Lindsey and I value community very much, we believe it is essential to a healthy marriage. Without men in my life who ask the tough questions and expect high things of me I can easily slip into being a husband I don’t want to be. By having women who Lindsey is completely open and honest with she is able to grow in her faith and understanding.
Christians use code words way too much. We use them so much I am consciously trying to reduce my use as much as possible. We just end up having these weird words and phrases that no one else understands, and that is not good. And in this case it is particularly egregious. Humans are made for this type of life, this life in community. We are made to love and to be loved. We work best when we are open and honest, it brings out the best in us.
So the next time you read us talk about “community” that is what we mean. It’s important to us, it’s important to our marriage. And we hope you see the value and joy in it too.
Monday, I posted on here about meal planning and asked you all for your help and wisdom.
Tuesday, I got some incredible tips on furniture shopping from my friend Kari. I’ve been shopping for furniture all summer (with no luck!) and it had never occurred to me to ask others for insight and advice.
Tuesday evening, I posted on here about realizing that asking Brian for help isn’t nagging– it’s necessary.
Anyone noticing a theme?
I’m not always the quickest to realize things.
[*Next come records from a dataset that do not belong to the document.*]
Lemma qformD M N v : qform (M + N) v = qform M v + qform N v.
Proof. by rewrite /qform mulmxDr mulmxDl mxE. Qed.

Lemma qformZ a M v : qform (a *: M) v = a * qform M v.
Proof. by rewrite /qform -scalemxAr -scalemxAl mxE. Qed.

Lemma qform_sympart M v : qform (sympart M) v = qform M v.
Proof. by rewrite /sympart qformZ qformD qform_trmx; lra. Qed.

Lemma qform_scalar a v : qform a%:M v = a * (v^T *m v) 0 0.
Proof. by rewrite -scalemx1 qformZ /qform mulmx1. Qed.

Lemma qform0 M : qform M 0 = 0.
Proof. by rewrite /qform mulmx0 mxE. Qed.

Lemma qform_le_normr M : exists beta, 0 < beta /\ forall v, qform M v <= beta * `|v| ^+ 2.
Proof.
exists (n%:R * (n%:R * `|M|) + 1); split=> [|v]; first by rewrite ltr_wpDl ?mulr_ge0.
rewrite /qform -mulmxA; apply: le_trans (ler_norm _) _.
apply: le_trans (mx_normr_entry _ 0 0) _; apply: le_trans (mx_normr_mulmx _ _) _.
apply: le_trans (_ : _ <= n%:R * `|v| * (n%:R * `|M| * `|v|)) _.
  by rewrite ler_pM ?mulr_ge0 ?ler_wpM2l ?mx_normr_trmx_le ?mx_normr_mulmx.
have -> : n%:R * `|v| * (n%:R * `|M| * `|v|) = n%:R * (n%:R * `|M|) * `|v| ^+ 2 by ring.
by rewrite ler_wpM2r ?exprn_ge0 // lerDl.
Qed.

Lemma is_derive_qform M (z : R -> 'cV[R]_n) t dz :
  is_derive t (1 : R) z dz ->
  is_derive t (1 : R) (fun s => qform M (z s)) (bform M dz (z t) + bform M (z t) dz).
Proof.
move=> z_der.
have zT_der := is_derive_mulmx (is_derive_trmx z_der) (is_derive_cst M t 1).
have := (is_derive_mxP _ _ _).1 (is_derive_mulmx zT_der z_der) 0 0.
by rewrite mulmx0 addr0 mxE.
Qed.

Lemma is_derive_qform_linear P M (z : R -> 'cV[R]_n) t :
  P^T = P -> is_derive t (1 : R) z (M *m z t) ->
  is_derive t (1 : R) (fun s => qform P (z s)) (2 * qform (sympart (P *m M)) (z t)).
Proof.
move=> P_sym /(is_derive_qform P) /is_derive_eq; apply.
rewrite qform_sympart bform_trmx P_sym /bform /qform !mulmxA.
by rewrite mulr_natl mulr2n.
Qed.

Lemma posdef_qform_ge0 P : posdef P -> forall v, 0 <= qform P v.
Proof.
move=> [_ P_pos] v; have [->|v_neq0] := eqVneq v 0; first by rewrite qform0.
exact/ltW/P_pos.
Qed.

Lemma posdef_unitmx P : posdef P -> P \in unitmx.
Proof.
move=> [_ P_pos]; rewrite unitmxE unitfE; apply/negP => /det0P [r r_neq0 rP].
by have := P_pos r^T; rewrite trmx_eq0 /qform trmxK rP mul0mx mxE ltxx => /(_ r_neq0).
Qed.

Lemma posdef_cauchy_schwarz P v i : posdef P -> ((P *m v) i 0) ^+ 2 <= P i i * qform P v.
Proof.
move=> P_pd; set w := (P *m v) i 0; pose d : 'cV[R]_n := delta_mx i 0.
have dP u : bform P d u = (P *m u) i 0 by rewrite /bform trmx_delta -rowE -row_mul mxE.
have Pii_gt0 : 0 < P i i.
  have d_neq0 : d != 0.
    by apply/eqP => /matrixP/(_ i 0); rewrite !mxE !eqxx => /eqP; rewrite oner_eq0.
  by have := P_pd.2 d d_neq0; rewrite qform_bform dP -colE mxE.
have expand s : qform P (v + s *: d) = qform P v + 2 * s * w + s ^+ 2 * P i i.
  rewrite !qform_bform bformDl !bformDr !bformZl !bformZr [bform P v d]bform_trmx P_pd.1.
  by rewrite /w !dP -colE !mxE; ring.
have := mulr_ge0 (ltW Pii_gt0) (posdef_qform_ge0 P_pd (v + (- w / P i i) *: d)).
have -> : P i i * qform P (v + (- w / P i i) *: d) = P i i * qform P v - w ^+ 2.
  by rewrite expand; field; rewrite gt_eqF.
lra.
Qed.

Lemma posdef_normr_le P : posdef P ->
  exists C, 0 <= C /\ forall v, `|v| ^+ 2 <= C * qform P v.
Proof.
move=> P_pd; exists ((n%:R * `|invmx P|) ^+ 2 * `|P|).
split=> [|v]; first by rewrite mulr_ge0 ?exprn_ge0 ?mulr_ge0.
have q_ge0 := posdef_qform_ge0 P_pd v.
have v_le : `|v| <= n%:R * `|invmx P| * `|P *m v|.
  by rewrite -{1}(mulKmx (posdef_unitmx P_pd) v) mx_normr_mulmx.
have Pv_le : `|P *m v| ^+ 2 <= `|P| * qform P v.
  apply: mx_normr_sqr_le_entries => [|i j]; first by rewrite mulr_ge0.
  rewrite (ord1 j); apply: le_trans (posdef_cauchy_schwarz v i P_pd) _.
  by rewrite ler_wpM2r // (le_trans (ler_norm _)) ?mx_normr_entry.
apply: le_trans (lerXn2r 2 _ _ v_le) _; rewrite ?nnegrE ?mulr_ge0 //.
by rewrite [leLHS]exprMn -[leRHS]mulrA ler_wpM2l ?exprn_ge0.
Qed.

End QuadraticForm.

Lemma lyapunov_lin_exp_stable (R : realType) (n : nat) (M P : 'M[R]_n) (e : R) :
  posdef P -> 0 < e -> negdef (sympart (P *m M) + e%:M) -> lin_exp_stable M.
Proof.
move=> P_pd e_gt0 [_ P_neg].
have [beta [beta_gt0 V_le]] := qform_le_normr P.
have [C [C_ge0 normr_le_V]] := posdef_normr_le P_pd.
pose a := 2 * e / beta.
have a_gt0 : 0 < a by rewrite divr_gt0 ?mulr_gt0.
have dissipation v : 2 * qform (sympart (P *m M)) v <= - a * qform P v.
  have [->|v_neq0] := eqVneq v 0; first by rewrite !qform0 !mulr0.
  have := P_neg v v_neq0; rewrite qformD qform_scalar => neg.
  have sqr_le : e * `|v| ^+ 2 <= e * (v^T *m v) 0 0.
    by rewrite ler_wpM2l ?mx_normr_sqr_le // ltW.
  have aV_le : a * qform P v <= 2 * e * `|v| ^+ 2.
    have -> : 2 * e = a * beta by rewrite /a divfK ?gt_eqF.
    by rewrite -mulrA ler_wpM2l ?V_le // ltW.
  lra.
exists (Num.sqrt (C * beta)), (a / 2); split=> [|z z_der t t_ge0]; first by rewrite divr_gt0.
have V_decay := gronwall_expR (fun s => is_derive_qform_linear P_pd.1 (z_der s))
  (fun s => dissipation (z s)) t_ge0.
have : `|z t| ^+ 2 <= (Num.sqrt (C * beta) * expR (- (a / 2) * t) * `|z 0|) ^+ 2.
  rewrite !exprMn sqr_sqrtr ?mulr_ge0 // ?(ltW beta_gt0) //.
  rewrite [expR _ ^+ 2]expr2 -expRD -mulrDl -opprD -splitr.
  apply: le_trans (normr_le_V _) _; rewrite -!mulrA ler_wpM2l //.
  by apply: le_trans V_decay _; rewrite mulrCA ler_wpM2l ?expR_ge0 ?V_le.
by rewrite ler_pXn2r // nnegrE ?mulr_ge0 ?sqrtr_ge0 ?expR_ge0.
Qed.

Section CoupledMatrixODE.
Variables (R : realType) (n m : nat) (A B : 'M[R]_n) (N : 'M[R]_m.+1).

Definition coupled_mx_solution (Y : R -> 'M[R]_(n, m.+1)) :=
  forall t, is_derive t (1 : R) Y (A *m Y t + B *m Y t *m N).

Definition eigen_poly (r : seq R) : {poly R} := \prod_(a <- r) ('X - a%:P).

Definition eigen_filter (r : seq R) (Y : R -> 'M[R]_(n, m.+1)) t :=
  Y t *m horner_mx N (eigen_poly r).

Lemma horner_eigen_poly_rcons r a :
  horner_mx N (eigen_poly (rcons r a)) = horner_mx N (eigen_poly r) *m (N - a%:M).
Proof. by rewrite /eigen_poly big_rcons rmorphM rmorphB /= horner_mx_X horner_mx_C. Qed.

Lemma horner_mx_mulmxC (p : {poly R}) : N *m horner_mx N p = horner_mx N p *m N.
Proof. by rewrite -{1 4}(horner_mx_X N) !mulmxE -!rmorphM mulrC. Qed.

Lemma is_derive_filtered r a Y t : coupled_mx_solution Y ->
  is_derive t (1 : R) (eigen_filter r Y)
    ((A + a *: B) *m eigen_filter r Y t + B *m eigen_filter (rcons r a) Y t).
Proof.
move=> Y_sol; rewrite /eigen_filter.
have := is_derive_mulmx (Y_sol t) (is_derive_cst (horner_mx N (eigen_poly r)) t 1).
rewrite mulmx0 addr0 => /is_derive_eq; apply.
rewrite /cst horner_eigen_poly_rcons !mulmxA mulmxDl.
rewrite -(mulmxA (B *m Y t)) mulmxBr -horner_mx_mulmxC mul_mx_scalar.
rewrite mulmxBr !mulmxA -scalemxAr !mulmxDl -!scalemxAl.
by rewrite -addrA [a *: _ + _]addrC subrK.
Qed.

Lemma filtered_decay s : forall r, horner_mx N (eigen_poly (r ++ s)) = 0 ->
  {in s, forall a, lin_exp_stable (A + a *: B)} ->
  exists K g : R, [/\ 0 <= K, 0 < g & forall Y, coupled_mx_solution Y ->
    forall t, 0 <= t -> `|eigen_filter r Y t| <= K * expR (- g * t) * `|Y 0|].
Proof.
elim: s => [|a s IHs] r.
  rewrite cats0 => pN0 _; exists 0, 1; split=> // Y _ t _.
  by rewrite /eigen_filter pN0 mulmx0 normr0 !mul0r.
rewrite -cat_rcons => pN0 stable.
have [K' [g' [K'_ge0 g'_gt0 next_decay]]] : exists K g : R, [/\ 0 <= K, 0 < g &
    forall Y, coupled_mx_solution Y -> forall t, 0 <= t ->
      `|eigen_filter (rcons r a) Y t| <= K * expR (- g * t) * `|Y 0|].
  by apply: IHs pN0 _ => x x_s; apply: stable; rewrite inE x_s orbT.
have [K [g [K_ge0 g_gt0 forced]]] := lin_exp_stable_forced (stable a (mem_head a s))
  (mulr_ge0 (mulr_ge0 (ler0n _ n) (normr_ge0 B)) K'_ge0) g'_gt0
  (mulr_ge0 (ler0n _ m.+1) (normr_ge0 (horner_mx N (eigen_poly r)))).
exists K, g; split=> // Y Y_sol t t_ge0.
apply: (forced _ _ (fun t => B *m eigen_filter (rcons r a) Y t)) => //.
- by move=> s'; exact: is_derive_filtered.
- by apply: le_trans (mx_normr_mulmx _ _) _; rewrite mulrAC.
move=> s' s'_ge0; apply: le_trans (mx_normr_mulmx _ _) _.
by rewrite -!mulrA ler_wpM2l ?mulr_ge0 // ler_wpM2l // !mulrA next_decay.
Qed.

Lemma coupled_mx_exp_decay s :
  char_poly N = eigen_poly s -> {in s, forall a, lin_exp_stable (A + a *: B)} ->
  exists K g : R, [/\ 0 <= K, 0 < g & forall Y, coupled_mx_solution Y ->
    forall t, 0 <= t -> `|Y t| <= K * expR (- g * t) * `|Y 0|].
Proof.
move=> charN stable.
have pN0 : horner_mx N (eigen_poly ([::] ++ s)) = 0 by rewrite cat0s -charN Cayley_Hamilton.
have [K [g [K_ge0 g_gt0 decay]]] := filtered_decay pN0 stable.
exists K, g; split=> // Y Y_sol t t_ge0.
by have := decay Y Y_sol t t_ge0; rewrite /eigen_filter /eigen_poly big_nil rmorph1 mulmx1.
Qed.

End CoupledMatrixODE.

Lemma char_poly_trmx (R : comNzRingType) (n : nat) (M : 'M[R]_n) :
  char_poly M^T = char_poly M.
Proof.
rewrite /char_poly -det_tr; congr (\det _).
by apply/matrixP => i j; rewrite !mxE eq_sym.
Qed.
I often tell people that God has to resort to using the “holy two-by-four” on me because I rarely hear any of the whispers or feel the nudges. I’m starting to wonder how long this whole asking-people-for-help thing has been staring me in the face and I’ve walked past it, struggling in my solitude.
Ironically, when I worked for the UT Learning Center, I would begin my public speaking sessions by informing the crowd that the number one characteristic of successful people is help-seeking behavior– knowing when and how to ask for help.
Like I said yesterday, I’m not so good at asking for help. I love to help others, but when it comes to needing it myself, I don’t want to put anyone out, to seem needy, or look like I can’t handle things. But you ladies who commented Monday helped me, Kari helped me, and Brian helps me all the time. And everyone did it gladly (or at least voluntarily ;-)).
I need the help of those who have gone before me, those with wisdom and experience, and those that see me regularly enough to know what’s going on with me. I also need the help of the man who married me. I could try to do this on my own, but the overwhelming evidence here points to much more success if I don’t.
Abby, Laura, Kari, Kerrie, Jill, Rachel, Jennifer, Sarah and Michelle,
Thank you for taking care of my wife. Tuesday night group meetings are always an important time for us but there is something special about the time she spends with you. When Lindsey comes home from her Tuesday nights with the girls to tell me about how you care for her, cry and laugh with her, are honest with her and most of all pray with her I could not be happier.
It is a humbling thing for a man to care so much for his wife, but also know that he cannot provide everything; and that is where you all step in. You girls take care of Lindsey in the ways that I cannot. You understand her emotional side and speak to her in a way that I am not able to. You see things from her perspective that I don’t.
I am very thankful for the ways that you serve Lindsey. You are all so supportive of her, of our marriage, and of me. It’s a wonderful thing to have folks like you in our lives daily.